WHAT IS NEEDED -
When you find the line with "have : 0 <= \sum_(i" among the records below, reproduce it and each line after it exactly, ending with the line with "have [r' hr'".
+++ INPUT DATA +++
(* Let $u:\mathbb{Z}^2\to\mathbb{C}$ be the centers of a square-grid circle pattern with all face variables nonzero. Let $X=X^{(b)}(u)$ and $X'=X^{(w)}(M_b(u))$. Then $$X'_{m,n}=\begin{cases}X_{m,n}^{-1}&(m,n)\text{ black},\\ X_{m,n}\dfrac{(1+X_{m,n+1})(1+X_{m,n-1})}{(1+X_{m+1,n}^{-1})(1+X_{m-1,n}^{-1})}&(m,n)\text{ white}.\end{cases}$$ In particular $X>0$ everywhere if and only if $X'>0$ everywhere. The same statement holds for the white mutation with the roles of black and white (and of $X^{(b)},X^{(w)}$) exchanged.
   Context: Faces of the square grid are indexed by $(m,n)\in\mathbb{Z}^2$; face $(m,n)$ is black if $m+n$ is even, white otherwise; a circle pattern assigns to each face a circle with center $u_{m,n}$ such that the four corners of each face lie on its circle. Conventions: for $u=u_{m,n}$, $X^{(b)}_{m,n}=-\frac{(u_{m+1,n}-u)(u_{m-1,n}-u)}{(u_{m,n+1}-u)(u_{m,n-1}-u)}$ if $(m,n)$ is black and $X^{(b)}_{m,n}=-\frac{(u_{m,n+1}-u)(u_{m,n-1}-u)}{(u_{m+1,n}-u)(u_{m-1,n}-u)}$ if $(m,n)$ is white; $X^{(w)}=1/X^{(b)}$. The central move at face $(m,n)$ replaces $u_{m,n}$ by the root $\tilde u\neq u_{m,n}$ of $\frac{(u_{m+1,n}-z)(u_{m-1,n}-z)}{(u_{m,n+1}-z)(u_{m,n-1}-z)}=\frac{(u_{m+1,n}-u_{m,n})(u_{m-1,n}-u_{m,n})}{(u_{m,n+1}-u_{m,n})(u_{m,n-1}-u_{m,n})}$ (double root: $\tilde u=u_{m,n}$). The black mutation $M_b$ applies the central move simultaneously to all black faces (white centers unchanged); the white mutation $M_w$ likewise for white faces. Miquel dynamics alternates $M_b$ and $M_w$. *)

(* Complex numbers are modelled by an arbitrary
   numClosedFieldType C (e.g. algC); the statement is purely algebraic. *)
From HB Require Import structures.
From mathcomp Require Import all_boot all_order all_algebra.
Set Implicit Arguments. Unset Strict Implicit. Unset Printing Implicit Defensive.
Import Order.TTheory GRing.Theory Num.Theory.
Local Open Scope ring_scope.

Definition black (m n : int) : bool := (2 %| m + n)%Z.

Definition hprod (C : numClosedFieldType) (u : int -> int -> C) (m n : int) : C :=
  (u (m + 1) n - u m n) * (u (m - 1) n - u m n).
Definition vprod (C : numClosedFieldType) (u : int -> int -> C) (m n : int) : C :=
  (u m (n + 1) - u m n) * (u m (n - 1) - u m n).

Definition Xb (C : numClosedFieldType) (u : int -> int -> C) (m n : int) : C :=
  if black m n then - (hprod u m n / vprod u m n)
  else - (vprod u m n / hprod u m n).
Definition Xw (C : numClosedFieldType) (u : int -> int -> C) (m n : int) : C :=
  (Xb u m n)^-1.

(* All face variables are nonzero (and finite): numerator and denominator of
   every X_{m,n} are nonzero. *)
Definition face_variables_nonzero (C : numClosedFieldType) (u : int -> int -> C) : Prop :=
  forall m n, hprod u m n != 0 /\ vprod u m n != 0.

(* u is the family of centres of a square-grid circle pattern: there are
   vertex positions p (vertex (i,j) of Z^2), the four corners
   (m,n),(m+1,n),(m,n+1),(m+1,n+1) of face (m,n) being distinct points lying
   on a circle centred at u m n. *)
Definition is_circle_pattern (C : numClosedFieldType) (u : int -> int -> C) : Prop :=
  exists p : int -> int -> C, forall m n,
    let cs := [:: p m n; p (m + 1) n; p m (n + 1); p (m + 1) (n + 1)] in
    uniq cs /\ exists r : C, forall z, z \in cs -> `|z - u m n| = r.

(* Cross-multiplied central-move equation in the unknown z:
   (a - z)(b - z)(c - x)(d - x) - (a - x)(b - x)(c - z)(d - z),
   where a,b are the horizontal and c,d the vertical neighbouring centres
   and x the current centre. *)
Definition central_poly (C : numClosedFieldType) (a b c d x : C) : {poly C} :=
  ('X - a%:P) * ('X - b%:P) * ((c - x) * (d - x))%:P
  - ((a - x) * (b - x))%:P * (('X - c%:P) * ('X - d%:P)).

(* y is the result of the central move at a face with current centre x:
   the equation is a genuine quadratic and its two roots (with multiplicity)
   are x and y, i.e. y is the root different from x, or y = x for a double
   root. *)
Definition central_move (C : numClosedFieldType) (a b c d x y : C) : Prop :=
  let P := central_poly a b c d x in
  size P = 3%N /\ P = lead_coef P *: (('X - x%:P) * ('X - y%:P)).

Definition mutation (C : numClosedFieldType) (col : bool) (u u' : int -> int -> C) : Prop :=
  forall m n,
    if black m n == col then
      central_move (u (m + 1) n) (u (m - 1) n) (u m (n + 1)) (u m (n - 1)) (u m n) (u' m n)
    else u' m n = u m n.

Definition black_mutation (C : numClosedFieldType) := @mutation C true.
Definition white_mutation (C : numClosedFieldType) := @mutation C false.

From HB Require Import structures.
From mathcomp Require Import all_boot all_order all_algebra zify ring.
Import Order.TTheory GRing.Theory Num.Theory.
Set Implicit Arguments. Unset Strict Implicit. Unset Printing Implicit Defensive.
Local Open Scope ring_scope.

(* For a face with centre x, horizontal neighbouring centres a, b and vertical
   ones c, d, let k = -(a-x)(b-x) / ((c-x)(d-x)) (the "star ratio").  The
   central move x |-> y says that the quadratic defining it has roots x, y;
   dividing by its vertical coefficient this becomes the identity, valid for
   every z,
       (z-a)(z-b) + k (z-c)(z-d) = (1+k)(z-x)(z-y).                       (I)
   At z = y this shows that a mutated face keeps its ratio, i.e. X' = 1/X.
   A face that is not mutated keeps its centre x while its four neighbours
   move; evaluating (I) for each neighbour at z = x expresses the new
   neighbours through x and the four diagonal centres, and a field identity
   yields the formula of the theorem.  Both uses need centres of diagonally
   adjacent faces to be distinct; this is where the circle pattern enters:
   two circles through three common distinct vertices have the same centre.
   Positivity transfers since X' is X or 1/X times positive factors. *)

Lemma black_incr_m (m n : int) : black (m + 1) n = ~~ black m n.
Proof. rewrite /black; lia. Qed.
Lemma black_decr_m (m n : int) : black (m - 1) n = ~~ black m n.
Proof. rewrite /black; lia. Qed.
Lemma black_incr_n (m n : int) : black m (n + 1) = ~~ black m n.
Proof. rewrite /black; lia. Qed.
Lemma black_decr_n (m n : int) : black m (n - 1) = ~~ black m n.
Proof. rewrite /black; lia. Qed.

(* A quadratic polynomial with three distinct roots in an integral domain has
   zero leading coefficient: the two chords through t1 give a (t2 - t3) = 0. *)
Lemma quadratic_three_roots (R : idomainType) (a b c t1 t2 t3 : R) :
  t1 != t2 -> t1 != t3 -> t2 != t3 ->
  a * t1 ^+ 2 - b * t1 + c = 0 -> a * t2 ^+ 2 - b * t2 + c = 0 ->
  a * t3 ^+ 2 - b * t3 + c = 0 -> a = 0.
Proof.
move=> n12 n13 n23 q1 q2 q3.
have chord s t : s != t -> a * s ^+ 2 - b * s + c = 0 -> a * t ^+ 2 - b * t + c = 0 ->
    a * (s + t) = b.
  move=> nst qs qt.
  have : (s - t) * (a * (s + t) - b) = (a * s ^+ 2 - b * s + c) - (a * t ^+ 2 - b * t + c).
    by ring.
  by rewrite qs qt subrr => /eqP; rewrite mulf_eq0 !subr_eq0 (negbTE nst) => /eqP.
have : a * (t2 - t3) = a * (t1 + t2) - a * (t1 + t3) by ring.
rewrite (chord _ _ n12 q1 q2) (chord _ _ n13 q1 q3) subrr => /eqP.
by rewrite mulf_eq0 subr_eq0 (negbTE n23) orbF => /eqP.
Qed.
+++
+++ INPUT DATA +++
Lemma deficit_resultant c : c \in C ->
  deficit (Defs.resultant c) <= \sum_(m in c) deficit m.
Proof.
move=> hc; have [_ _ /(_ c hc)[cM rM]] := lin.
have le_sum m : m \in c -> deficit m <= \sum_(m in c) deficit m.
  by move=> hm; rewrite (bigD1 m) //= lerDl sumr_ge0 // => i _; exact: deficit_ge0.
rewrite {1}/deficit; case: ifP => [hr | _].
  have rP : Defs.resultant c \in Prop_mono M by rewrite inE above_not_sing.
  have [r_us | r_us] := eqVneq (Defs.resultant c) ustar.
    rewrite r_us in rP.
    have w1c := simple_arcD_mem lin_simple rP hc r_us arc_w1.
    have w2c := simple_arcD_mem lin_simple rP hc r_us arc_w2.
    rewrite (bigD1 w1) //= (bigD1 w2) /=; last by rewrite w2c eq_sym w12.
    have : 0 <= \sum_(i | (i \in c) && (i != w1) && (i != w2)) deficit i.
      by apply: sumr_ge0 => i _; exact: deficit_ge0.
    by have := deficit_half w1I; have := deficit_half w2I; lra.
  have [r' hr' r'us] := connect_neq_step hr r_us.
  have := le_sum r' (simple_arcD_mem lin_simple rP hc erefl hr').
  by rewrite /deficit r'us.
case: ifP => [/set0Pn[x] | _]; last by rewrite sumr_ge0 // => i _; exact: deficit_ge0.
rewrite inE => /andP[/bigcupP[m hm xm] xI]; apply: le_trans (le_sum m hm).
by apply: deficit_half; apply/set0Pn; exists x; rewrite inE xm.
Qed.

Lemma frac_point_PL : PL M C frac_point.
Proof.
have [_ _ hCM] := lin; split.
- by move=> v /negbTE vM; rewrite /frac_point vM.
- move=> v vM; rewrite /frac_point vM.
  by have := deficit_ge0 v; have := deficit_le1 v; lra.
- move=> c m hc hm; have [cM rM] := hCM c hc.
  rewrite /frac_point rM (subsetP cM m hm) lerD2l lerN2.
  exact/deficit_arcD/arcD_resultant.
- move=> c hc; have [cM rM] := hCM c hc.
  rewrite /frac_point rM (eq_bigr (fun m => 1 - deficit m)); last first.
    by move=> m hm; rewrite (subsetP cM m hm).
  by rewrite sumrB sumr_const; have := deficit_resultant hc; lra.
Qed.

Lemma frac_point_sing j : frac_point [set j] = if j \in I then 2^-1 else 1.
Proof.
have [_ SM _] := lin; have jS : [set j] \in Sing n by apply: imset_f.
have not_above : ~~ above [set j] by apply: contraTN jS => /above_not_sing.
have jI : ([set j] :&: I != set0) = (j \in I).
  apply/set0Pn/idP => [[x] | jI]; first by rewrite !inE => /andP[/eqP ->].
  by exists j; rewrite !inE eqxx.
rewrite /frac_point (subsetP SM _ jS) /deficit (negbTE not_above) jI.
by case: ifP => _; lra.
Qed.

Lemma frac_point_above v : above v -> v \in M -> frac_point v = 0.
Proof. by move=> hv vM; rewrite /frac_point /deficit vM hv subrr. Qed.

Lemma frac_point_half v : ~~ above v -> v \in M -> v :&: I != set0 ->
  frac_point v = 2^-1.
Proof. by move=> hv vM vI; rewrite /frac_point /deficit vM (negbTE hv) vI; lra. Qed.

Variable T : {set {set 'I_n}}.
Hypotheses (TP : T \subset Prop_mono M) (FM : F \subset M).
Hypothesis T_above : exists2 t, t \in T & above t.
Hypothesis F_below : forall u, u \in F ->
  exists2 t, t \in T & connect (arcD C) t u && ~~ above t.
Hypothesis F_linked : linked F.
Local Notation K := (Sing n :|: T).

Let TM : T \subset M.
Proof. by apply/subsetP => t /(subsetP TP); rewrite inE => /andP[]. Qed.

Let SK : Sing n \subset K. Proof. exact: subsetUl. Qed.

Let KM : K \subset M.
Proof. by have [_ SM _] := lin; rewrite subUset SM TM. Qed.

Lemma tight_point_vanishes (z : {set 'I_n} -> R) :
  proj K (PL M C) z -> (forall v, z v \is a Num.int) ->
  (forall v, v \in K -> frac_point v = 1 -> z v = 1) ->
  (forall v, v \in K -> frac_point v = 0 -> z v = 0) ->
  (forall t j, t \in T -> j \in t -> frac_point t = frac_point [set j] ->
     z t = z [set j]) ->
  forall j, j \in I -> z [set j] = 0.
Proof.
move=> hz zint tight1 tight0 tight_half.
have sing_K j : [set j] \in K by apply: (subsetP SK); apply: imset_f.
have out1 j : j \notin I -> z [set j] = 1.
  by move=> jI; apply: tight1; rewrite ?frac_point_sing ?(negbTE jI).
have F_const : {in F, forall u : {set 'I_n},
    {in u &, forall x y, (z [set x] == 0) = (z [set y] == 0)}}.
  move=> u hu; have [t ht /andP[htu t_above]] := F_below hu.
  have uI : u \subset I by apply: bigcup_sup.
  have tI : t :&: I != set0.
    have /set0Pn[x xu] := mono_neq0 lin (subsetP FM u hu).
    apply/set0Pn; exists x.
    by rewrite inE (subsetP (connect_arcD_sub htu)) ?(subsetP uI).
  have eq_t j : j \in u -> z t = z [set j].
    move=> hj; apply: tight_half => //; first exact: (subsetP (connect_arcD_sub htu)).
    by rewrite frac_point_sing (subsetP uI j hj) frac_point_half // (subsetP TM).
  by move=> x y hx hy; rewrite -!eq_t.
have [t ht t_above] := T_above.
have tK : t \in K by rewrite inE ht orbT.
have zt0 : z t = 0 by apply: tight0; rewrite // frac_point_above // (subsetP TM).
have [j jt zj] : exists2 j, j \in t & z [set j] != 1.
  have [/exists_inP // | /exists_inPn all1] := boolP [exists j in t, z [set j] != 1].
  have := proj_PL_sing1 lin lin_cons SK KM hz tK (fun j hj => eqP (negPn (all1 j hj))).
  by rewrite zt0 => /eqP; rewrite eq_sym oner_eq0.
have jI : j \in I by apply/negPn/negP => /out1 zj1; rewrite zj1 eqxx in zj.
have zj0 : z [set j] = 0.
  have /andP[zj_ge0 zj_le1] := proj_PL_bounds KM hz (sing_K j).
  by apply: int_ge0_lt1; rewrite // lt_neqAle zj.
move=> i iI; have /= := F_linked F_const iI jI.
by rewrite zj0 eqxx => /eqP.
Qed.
+++
+++ INPUT DATA +++
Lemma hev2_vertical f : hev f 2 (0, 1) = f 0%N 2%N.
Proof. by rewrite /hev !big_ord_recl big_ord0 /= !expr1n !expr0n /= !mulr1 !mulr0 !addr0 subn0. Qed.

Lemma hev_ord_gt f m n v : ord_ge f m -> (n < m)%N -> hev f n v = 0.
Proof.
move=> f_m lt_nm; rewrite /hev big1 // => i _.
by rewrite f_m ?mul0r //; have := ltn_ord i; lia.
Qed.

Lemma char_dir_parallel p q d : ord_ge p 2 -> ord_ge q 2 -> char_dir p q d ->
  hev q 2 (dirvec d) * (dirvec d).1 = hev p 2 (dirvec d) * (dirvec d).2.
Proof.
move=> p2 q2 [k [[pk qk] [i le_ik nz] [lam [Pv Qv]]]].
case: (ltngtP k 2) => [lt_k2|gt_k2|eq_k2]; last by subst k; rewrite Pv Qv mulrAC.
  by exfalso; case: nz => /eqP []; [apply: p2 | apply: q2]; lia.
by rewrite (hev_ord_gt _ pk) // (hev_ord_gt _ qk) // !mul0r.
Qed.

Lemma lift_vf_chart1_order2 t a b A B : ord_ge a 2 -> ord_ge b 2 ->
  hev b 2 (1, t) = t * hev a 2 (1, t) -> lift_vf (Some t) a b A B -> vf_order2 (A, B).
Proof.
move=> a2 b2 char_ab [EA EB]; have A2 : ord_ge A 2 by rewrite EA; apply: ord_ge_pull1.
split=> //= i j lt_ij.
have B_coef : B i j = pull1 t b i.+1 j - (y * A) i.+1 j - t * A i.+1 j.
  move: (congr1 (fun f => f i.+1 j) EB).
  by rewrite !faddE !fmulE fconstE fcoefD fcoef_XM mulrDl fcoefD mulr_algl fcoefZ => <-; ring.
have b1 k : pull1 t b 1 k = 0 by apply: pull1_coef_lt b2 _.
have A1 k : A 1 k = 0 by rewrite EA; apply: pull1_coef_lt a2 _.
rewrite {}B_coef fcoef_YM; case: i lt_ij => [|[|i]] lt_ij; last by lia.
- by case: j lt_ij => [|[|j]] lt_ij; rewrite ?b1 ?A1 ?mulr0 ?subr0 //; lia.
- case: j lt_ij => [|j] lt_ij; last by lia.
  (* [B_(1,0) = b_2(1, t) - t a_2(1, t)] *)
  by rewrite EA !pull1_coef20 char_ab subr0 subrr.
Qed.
+++
ANSWER BOX -
    have : 0 <= \sum_(i | (i \in c) && (i != w1) && (i != w2)) deficit i.
      by apply: sumr_ge0 => i _; exact: deficit_ge0.
    by have := deficit_half w1I; have := deficit_half w2I; lra.
  have [r' hr' r'us] := connect_neq_step hr r_us.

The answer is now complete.